* EXERCISE INSTRUCTIONS: Lines that include "ltnW" make up the answer; copy all of them from the data below.

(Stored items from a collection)
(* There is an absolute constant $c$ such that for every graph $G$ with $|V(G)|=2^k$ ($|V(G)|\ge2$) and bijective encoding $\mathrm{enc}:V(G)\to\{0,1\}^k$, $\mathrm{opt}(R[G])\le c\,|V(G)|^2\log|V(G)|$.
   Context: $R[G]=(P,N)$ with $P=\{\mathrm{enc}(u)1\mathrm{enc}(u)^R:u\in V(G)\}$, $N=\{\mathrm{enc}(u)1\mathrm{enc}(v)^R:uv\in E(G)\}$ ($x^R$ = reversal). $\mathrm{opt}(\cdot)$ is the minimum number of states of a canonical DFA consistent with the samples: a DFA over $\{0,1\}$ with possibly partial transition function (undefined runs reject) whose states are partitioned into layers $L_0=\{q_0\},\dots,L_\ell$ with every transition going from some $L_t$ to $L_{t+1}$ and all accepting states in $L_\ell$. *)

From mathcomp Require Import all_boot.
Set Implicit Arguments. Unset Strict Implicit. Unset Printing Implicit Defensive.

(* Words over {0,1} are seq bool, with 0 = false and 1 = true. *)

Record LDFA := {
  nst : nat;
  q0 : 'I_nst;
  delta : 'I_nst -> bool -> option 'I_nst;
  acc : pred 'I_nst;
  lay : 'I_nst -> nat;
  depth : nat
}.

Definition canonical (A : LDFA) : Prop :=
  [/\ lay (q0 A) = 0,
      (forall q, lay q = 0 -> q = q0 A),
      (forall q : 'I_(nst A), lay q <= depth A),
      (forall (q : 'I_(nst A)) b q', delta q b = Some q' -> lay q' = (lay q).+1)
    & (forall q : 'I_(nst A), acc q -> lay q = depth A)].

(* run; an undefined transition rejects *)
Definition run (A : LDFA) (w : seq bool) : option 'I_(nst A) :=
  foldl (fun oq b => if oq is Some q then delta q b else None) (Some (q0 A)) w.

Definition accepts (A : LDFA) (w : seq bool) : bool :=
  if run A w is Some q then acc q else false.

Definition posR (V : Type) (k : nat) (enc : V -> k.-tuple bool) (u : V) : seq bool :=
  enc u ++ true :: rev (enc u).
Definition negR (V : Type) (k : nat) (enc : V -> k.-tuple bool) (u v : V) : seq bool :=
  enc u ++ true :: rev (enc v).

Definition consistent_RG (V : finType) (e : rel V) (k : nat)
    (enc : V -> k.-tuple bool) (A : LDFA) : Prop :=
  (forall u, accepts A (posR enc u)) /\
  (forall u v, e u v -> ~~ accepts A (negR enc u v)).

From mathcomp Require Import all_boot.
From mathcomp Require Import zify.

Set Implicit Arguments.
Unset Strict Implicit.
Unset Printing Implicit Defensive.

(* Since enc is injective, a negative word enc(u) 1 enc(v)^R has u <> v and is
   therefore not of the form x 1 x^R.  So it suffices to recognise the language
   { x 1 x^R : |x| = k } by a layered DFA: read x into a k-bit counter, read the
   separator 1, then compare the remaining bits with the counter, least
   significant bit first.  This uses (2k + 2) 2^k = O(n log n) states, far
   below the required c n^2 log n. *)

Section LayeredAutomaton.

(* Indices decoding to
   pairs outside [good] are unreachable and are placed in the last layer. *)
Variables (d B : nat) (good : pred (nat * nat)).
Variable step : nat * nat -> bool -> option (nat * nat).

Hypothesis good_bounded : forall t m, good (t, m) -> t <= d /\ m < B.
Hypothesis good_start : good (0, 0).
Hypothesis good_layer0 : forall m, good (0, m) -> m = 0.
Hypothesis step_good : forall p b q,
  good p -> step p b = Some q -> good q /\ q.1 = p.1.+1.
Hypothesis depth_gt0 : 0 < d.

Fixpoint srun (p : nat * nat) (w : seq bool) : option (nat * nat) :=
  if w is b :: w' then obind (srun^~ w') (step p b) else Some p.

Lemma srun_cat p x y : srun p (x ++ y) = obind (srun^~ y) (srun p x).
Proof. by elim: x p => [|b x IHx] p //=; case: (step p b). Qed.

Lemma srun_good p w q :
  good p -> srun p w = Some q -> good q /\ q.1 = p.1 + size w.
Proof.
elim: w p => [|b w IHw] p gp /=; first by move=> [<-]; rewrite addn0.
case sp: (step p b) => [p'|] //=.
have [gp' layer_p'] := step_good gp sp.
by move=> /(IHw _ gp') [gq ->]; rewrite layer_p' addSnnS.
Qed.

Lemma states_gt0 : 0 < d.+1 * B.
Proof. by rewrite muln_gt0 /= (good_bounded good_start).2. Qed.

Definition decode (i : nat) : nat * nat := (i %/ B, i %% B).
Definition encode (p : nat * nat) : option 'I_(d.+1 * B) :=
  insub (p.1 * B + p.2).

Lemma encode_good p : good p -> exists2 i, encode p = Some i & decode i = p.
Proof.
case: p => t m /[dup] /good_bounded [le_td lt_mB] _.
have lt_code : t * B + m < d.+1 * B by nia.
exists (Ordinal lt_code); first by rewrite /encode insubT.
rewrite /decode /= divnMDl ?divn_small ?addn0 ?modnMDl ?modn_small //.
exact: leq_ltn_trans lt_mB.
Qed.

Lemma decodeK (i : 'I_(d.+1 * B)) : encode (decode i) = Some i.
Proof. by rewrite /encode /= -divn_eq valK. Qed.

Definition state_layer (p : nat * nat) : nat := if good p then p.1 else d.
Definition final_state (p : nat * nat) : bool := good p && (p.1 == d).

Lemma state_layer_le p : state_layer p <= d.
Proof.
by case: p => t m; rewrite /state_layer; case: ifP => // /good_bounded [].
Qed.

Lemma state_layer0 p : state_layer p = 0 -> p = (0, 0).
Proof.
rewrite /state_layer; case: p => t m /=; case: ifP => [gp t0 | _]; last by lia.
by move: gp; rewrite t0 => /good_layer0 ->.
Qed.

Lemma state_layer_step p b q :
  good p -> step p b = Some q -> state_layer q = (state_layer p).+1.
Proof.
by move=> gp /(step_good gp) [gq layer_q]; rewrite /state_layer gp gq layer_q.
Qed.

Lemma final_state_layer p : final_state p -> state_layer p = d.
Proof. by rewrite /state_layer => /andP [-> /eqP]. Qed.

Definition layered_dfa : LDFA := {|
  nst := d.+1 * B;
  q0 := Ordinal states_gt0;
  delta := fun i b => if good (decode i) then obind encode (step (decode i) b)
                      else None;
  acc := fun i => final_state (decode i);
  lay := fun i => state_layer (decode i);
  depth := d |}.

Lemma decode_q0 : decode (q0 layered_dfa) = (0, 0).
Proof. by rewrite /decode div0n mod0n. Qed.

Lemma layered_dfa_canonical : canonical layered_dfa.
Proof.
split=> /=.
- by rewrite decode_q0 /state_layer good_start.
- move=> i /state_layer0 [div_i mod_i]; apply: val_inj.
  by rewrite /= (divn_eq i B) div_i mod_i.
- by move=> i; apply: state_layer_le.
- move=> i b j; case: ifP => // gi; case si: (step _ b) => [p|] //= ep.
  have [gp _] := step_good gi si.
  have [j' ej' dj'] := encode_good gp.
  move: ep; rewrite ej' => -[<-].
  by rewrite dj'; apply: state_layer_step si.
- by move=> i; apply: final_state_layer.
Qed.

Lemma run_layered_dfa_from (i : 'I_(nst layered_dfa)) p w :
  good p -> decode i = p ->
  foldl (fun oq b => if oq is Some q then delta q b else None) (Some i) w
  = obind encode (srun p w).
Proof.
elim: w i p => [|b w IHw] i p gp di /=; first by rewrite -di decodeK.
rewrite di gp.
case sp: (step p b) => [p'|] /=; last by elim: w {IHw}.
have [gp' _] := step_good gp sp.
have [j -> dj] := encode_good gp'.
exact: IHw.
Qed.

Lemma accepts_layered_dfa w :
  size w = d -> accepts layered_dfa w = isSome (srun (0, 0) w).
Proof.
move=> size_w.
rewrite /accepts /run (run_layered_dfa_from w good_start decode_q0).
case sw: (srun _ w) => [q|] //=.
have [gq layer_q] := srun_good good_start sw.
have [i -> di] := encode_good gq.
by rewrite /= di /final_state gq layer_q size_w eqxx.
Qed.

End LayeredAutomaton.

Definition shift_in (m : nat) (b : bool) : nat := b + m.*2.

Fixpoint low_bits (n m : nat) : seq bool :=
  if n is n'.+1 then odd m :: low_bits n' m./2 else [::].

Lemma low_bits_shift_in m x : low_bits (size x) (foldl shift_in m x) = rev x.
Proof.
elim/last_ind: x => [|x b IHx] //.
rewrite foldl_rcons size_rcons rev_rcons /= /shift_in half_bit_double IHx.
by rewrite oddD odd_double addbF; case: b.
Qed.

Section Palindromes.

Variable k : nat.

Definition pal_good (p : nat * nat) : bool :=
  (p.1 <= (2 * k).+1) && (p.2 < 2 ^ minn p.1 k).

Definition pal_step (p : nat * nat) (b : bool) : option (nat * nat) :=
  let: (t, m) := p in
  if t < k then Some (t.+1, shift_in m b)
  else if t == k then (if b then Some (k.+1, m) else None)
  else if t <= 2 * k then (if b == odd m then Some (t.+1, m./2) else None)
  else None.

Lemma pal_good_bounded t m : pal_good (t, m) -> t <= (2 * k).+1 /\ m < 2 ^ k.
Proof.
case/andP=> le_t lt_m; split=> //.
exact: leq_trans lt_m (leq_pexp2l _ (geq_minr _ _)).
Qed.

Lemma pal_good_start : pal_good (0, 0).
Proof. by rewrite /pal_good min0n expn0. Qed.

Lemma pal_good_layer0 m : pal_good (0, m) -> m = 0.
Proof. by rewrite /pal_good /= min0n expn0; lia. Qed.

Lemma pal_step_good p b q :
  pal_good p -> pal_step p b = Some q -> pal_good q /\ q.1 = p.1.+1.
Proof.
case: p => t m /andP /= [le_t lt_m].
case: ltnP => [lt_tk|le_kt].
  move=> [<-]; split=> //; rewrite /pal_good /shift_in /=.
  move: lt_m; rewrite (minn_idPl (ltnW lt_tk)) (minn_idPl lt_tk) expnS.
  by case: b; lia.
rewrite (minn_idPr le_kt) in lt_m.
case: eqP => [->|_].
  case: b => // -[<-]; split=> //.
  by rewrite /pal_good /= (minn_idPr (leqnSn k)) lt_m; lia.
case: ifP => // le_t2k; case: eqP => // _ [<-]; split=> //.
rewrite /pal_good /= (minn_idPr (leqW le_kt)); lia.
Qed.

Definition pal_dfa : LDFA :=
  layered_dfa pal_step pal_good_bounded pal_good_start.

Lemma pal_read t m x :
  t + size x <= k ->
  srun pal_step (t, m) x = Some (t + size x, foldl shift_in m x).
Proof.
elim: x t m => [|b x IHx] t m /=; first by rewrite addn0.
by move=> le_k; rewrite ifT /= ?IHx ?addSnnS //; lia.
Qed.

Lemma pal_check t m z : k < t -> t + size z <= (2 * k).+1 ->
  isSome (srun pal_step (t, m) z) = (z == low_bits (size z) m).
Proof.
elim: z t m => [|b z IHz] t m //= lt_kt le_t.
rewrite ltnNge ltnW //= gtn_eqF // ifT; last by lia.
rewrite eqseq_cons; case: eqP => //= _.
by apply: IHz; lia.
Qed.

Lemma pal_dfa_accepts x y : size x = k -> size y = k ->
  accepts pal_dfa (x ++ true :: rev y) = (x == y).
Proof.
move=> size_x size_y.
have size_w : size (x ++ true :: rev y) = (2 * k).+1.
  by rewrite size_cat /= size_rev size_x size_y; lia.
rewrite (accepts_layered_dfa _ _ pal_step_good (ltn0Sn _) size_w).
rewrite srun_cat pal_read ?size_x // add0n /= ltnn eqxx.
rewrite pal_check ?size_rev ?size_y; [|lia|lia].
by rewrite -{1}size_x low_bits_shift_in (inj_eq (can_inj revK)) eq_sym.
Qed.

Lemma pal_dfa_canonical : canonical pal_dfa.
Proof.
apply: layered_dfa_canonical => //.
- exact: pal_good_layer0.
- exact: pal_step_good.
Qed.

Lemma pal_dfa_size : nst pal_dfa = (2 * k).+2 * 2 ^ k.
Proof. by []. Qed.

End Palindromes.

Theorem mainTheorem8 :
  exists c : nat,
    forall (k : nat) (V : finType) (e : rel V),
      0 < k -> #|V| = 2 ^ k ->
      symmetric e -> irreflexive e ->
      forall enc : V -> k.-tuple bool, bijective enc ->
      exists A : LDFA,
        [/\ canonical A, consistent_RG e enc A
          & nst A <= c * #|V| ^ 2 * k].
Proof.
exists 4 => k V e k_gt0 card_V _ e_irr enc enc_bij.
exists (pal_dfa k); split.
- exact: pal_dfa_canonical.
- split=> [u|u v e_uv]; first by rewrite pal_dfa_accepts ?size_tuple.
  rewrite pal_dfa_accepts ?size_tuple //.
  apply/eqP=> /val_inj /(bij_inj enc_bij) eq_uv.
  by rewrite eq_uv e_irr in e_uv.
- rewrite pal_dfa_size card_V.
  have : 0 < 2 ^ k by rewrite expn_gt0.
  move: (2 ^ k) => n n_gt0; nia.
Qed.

* ANSWER BOX:
  move: lt_m; rewrite (minn_idPl (ltnW lt_tk)) (minn_idPl lt_tk) expnS.
rewrite ltnNge ltnW //= gtn_eqF // ifT; last by lia.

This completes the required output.